Отвлёкся. Лежим мы и само собой не спим, шепчемся обо всём на свете. Ночь такая лунная-лунная, как в песне – «хоть иголки собирай». Романтика! Вдруг на вершине камни громыхнули. Потом ещё раз. Собаки заволновались. Камни зашуршали, словно кто-то вниз спускается. Собаки залаяли злобно. А тот, кто спускается, на них внимания не обращает. Шаги всё ближе к подножию, и понимаю – двуногий идёт. Поначалу не страшно было, ведь рядом собаки такие, что даже нашего дальневосточного тигра в куски порвут. У среднеазиатских собак пастушьих охрана и боевые качества в отличие от других собак не выведены селекцией, они на генетическом уровне.
А потом ужас накатил.
Надо заметить, спим мы в горах по альпинистскому порядку, головой ко входу, так типа быстрее выпрыгнуть, когда лавина нагрянет. Ботинки там же, ледоруб под головой. Мне так совсем неудобно, но что поделаешь, приказ. Так вот, шаги приближаются, тяжёлые, уверенные. Собаки просто с ума сходят, но к нашей палатке не подходят, словно боятся. А вокруг все спят, как убитые. Шаги к нашей палатке приблизились. Кто-то большой постоял, послушал, обошёл вокруг палатки и остановился над нами. Ни дыхания его не слышно, ни хруста камня, но мы знаем, что стоит и на палатку смотрит. Ужас просто накрыл нас, пока он стоял рядом. А выскочить не могу, ледоруб-то хоть и под головой, да под палаткой. Как я тогда про карабин верный 7.62, пожалел, топор и нож таёжный? Нахрена я в эти горы поехал? Собаки мечутся, рвутся, но дальше чего-то невидимого не идут, а мы лежим, и я девчонке рот поцелуем закрываю, чтобы не закричала, а сам думаю – успею до ледоруба дотянуться? Однако тот, что за палаткой стоял, обратно в гору пошёл. Шаг, ещё шаг, снова тяжело и уверенно. Камни у подножия горы звякнули. Тут уж я не утерпел. В мистику не верю, вокруг народ спит, не помогут, что ли? Отстранил руки девичьи, и выскочил, ледоруб выхватывая. Луна, горы, видимость как днём, но никого нигде. И собаки умолкли. Что было делать? Вернулся к девчонке. Утром мы всех спрашивали, кто что ночью слышал? Собаки немного лаяли, отвечают, а что было, не знаем. Шагов не слышали.

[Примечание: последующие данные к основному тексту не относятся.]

(* Consider $\mathbb{R}^4$ with coordinates $(u_1,u_2,p_{u_1},p_{u_2})$ and the Poisson bracket $$\{u_1,u_2\}=0,\quad \{p_{u_1},p_{u_2}\}=0,\quad \{u_i,p_{u_j}\}=\delta_{ij}\,u_i .$$ On the open set where $u_1u_2\neq0$, $u_1\neq u_2$ and $p_{u_1}u_2\neq p_{u_2}u_1$, define $$a=\frac{p_{u_1}^2}{u_1-u_2}+\frac{p_{u_2}^2}{u_2-u_1}-u_1^2-u_1u_2-u_2^2,\qquad b=\frac{u_2p_{u_1}^2}{u_2-u_1}+\frac{u_1p_{u_2}^2}{u_1-u_2}+(u_1+u_2)u_1u_2,$$ $$b_1=\frac{p_{u_1}u_2-p_{u_2}u_1}{u_1u_2(u_1-u_2)},\qquad b_0=-\frac{p_{u_1}u_2^2-p_{u_2}u_1^2}{u_1u_2(u_1-u_2)},$$ so that the parabola $y=x(b_1x+b_0)$ passes through $(u_1,p_{u_1})$ and $(u_2,p_{u_2})$. Then the quartic polynomial $x^3+ax+b-x^2(b_1x+b_0)^2$ is divisible by $(x-u_1)(x-u_2)$; let $v_1,v_2$ be the roots of the quadratic quotient. On an open subset $W$ where $v_1,v_2$ are real and distinct and can be chosen as smooth functions, define $$p_{v_j}=-v_j\,(b_1v_j+b_0),\qquad j=1,2,$$ and the map $\rho:(u_1,u_2,p_{u_1},p_{u_2})\mapsto(v_1,v_2,p_{v_1},p_{v_2})$. Then: (i) $\rho$ preserves the functions $a$ and $b$, i.e. $a\circ\rho=a$ and $b\circ\rho=b$ on $W$; (ii) $\rho$ preserves the Poisson bracket above: $\{v_1,v_2\}=0$, $\{p_{v_1},p_{v_2}\}=0$, $\{v_i,p_{v_j}\}=\delta_{ij}\,v_i$.
   Context: For the bracket $\{u_i,p_{u_j}\}=\delta_{ij}u_i$ one has $\{f,g\}=\sum_{i=1}^2 u_i\left(\frac{\partial f}{\partial u_i}\frac{\partial g}{\partial p_{u_i}}-\frac{\partial f}{\partial p_{u_i}}\frac{\partial g}{\partial u_i}\right)$. The functions $a,b$ are in involution with respect to this bracket; they are the unique functions with $p_{u_i}^2=u_i^3+au_i+b$, $i=1,2$. *)

From Stdlib Require Import Reals.
Open Scope R_scope.

(* Functions on R^4 with coordinates (u1, u2, p1, p2) = (u_1, u_2, p_{u_1}, p_{u_2}). *)
Definition F4 := R -> R -> R -> R -> R.
Definition Set4 := R -> R -> R -> R -> Prop.

Definition D1 (f : F4) x1 x2 x3 x4 l := derivable_pt_lim (fun t => f t x2 x3 x4) x1 l.
Definition D2 (f : F4) x1 x2 x3 x4 l := derivable_pt_lim (fun t => f x1 t x3 x4) x2 l.
Definition D3 (f : F4) x1 x2 x3 x4 l := derivable_pt_lim (fun t => f x1 x2 t x4) x3 l.
Definition D4 (f : F4) x1 x2 x3 x4 l := derivable_pt_lim (fun t => f x1 x2 x3 t) x4 l.

Definition has_partials (f : F4) x1 x2 x3 x4 : Prop :=
  (exists l, D1 f x1 x2 x3 x4 l) /\ (exists l, D2 f x1 x2 x3 x4 l) /\
  (exists l, D3 f x1 x2 x3 x4 l) /\ (exists l, D4 f x1 x2 x3 x4 l).

(* The bracket {f,g} = sum_i u_i (df/du_i dg/dp_i - df/dp_i dg/du_i), i.e. the
   bracket with {u_i,p_{u_j}} = delta_ij u_i, {u_1,u_2} = {p_1,p_2} = 0,
   has value [val] at the point (x1,x2,x3,x4). *)
Definition bracket_value (f g : F4) x1 x2 x3 x4 (val : R) : Prop :=
  forall f1 f2 f3 f4 g1 g2 g3 g4,
    D1 f x1 x2 x3 x4 f1 -> D2 f x1 x2 x3 x4 f2 ->
    D3 f x1 x2 x3 x4 f3 -> D4 f x1 x2 x3 x4 f4 ->
    D1 g x1 x2 x3 x4 g1 -> D2 g x1 x2 x3 x4 g2 ->
    D3 g x1 x2 x3 x4 g3 -> D4 g x1 x2 x3 x4 g4 ->
    val = x1 * (f1 * g3 - f3 * g1) + x2 * (f2 * g4 - f4 * g2).

Definition PB_eq (f g h : F4) (W : Set4) : Prop :=
  forall x1 x2 x3 x4, W x1 x2 x3 x4 ->
    has_partials f x1 x2 x3 x4 /\ has_partials g x1 x2 x3 x4 /\
    bracket_value f g x1 x2 x3 x4 (h x1 x2 x3 x4).

Definition cu1 : F4 := fun u1 u2 p1 p2 => u1.
Definition cu2 : F4 := fun u1 u2 p1 p2 => u2.
Definition czero : F4 := fun _ _ _ _ => 0.

Definition open4 (W : Set4) : Prop :=
  forall x1 x2 x3 x4, W x1 x2 x3 x4 ->
    exists eps, 0 < eps /\ forall y1 y2 y3 y4,
      Rabs (y1 - x1) < eps -> Rabs (y2 - x2) < eps ->
      Rabs (y3 - x3) < eps -> Rabs (y4 - x4) < eps -> W y1 y2 y3 y4.

Definition continuous_on4 (f : F4) (W : Set4) : Prop :=
  forall x1 x2 x3 x4, W x1 x2 x3 x4 ->
    forall eps, 0 < eps -> exists delta, 0 < delta /\ forall y1 y2 y3 y4,
      Rabs (y1 - x1) < delta -> Rabs (y2 - x2) < delta ->
      Rabs (y3 - x3) < delta -> Rabs (y4 - x4) < delta ->
      Rabs (f y1 y2 y3 y4 - f x1 x2 x3 x4) < eps.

Вот и что это было? А у меня ужас был такой же, когда тигр к моей палатке подходил, и ревел над головой. Тоже не слышали? Не каждый таким похвастать может, хотя чем тут хвастать, парой седых волос на заднице? Те люди, которые живут в городе а на каникулы летают на Филиппины, считают тигра красивой меховой игрушкой, видя его на картинках в интернете и в зоопарках. Они верят в то, что его надо спасать, и когда им случается быть на своей Родине, охотно выходят на митинги «день тигра». Веря в призывы «спасти и сохранить тигра», эти люди не верят, что в их стране существует огромное количество людей, которые не только не видели Манилу, но даже ни разу не бывавшие в столице своей Родины. Для жителей Солонцового или Катэна тигр, к сожалению, не игрушка, а головная боль, страх, и возможно – смерть. Непродуманными городскими акциями мы перекашиваем сознание масс. «Белая акула находится на грани вымирания. Приезжай на пляжи южных островов – ты нужен ей»!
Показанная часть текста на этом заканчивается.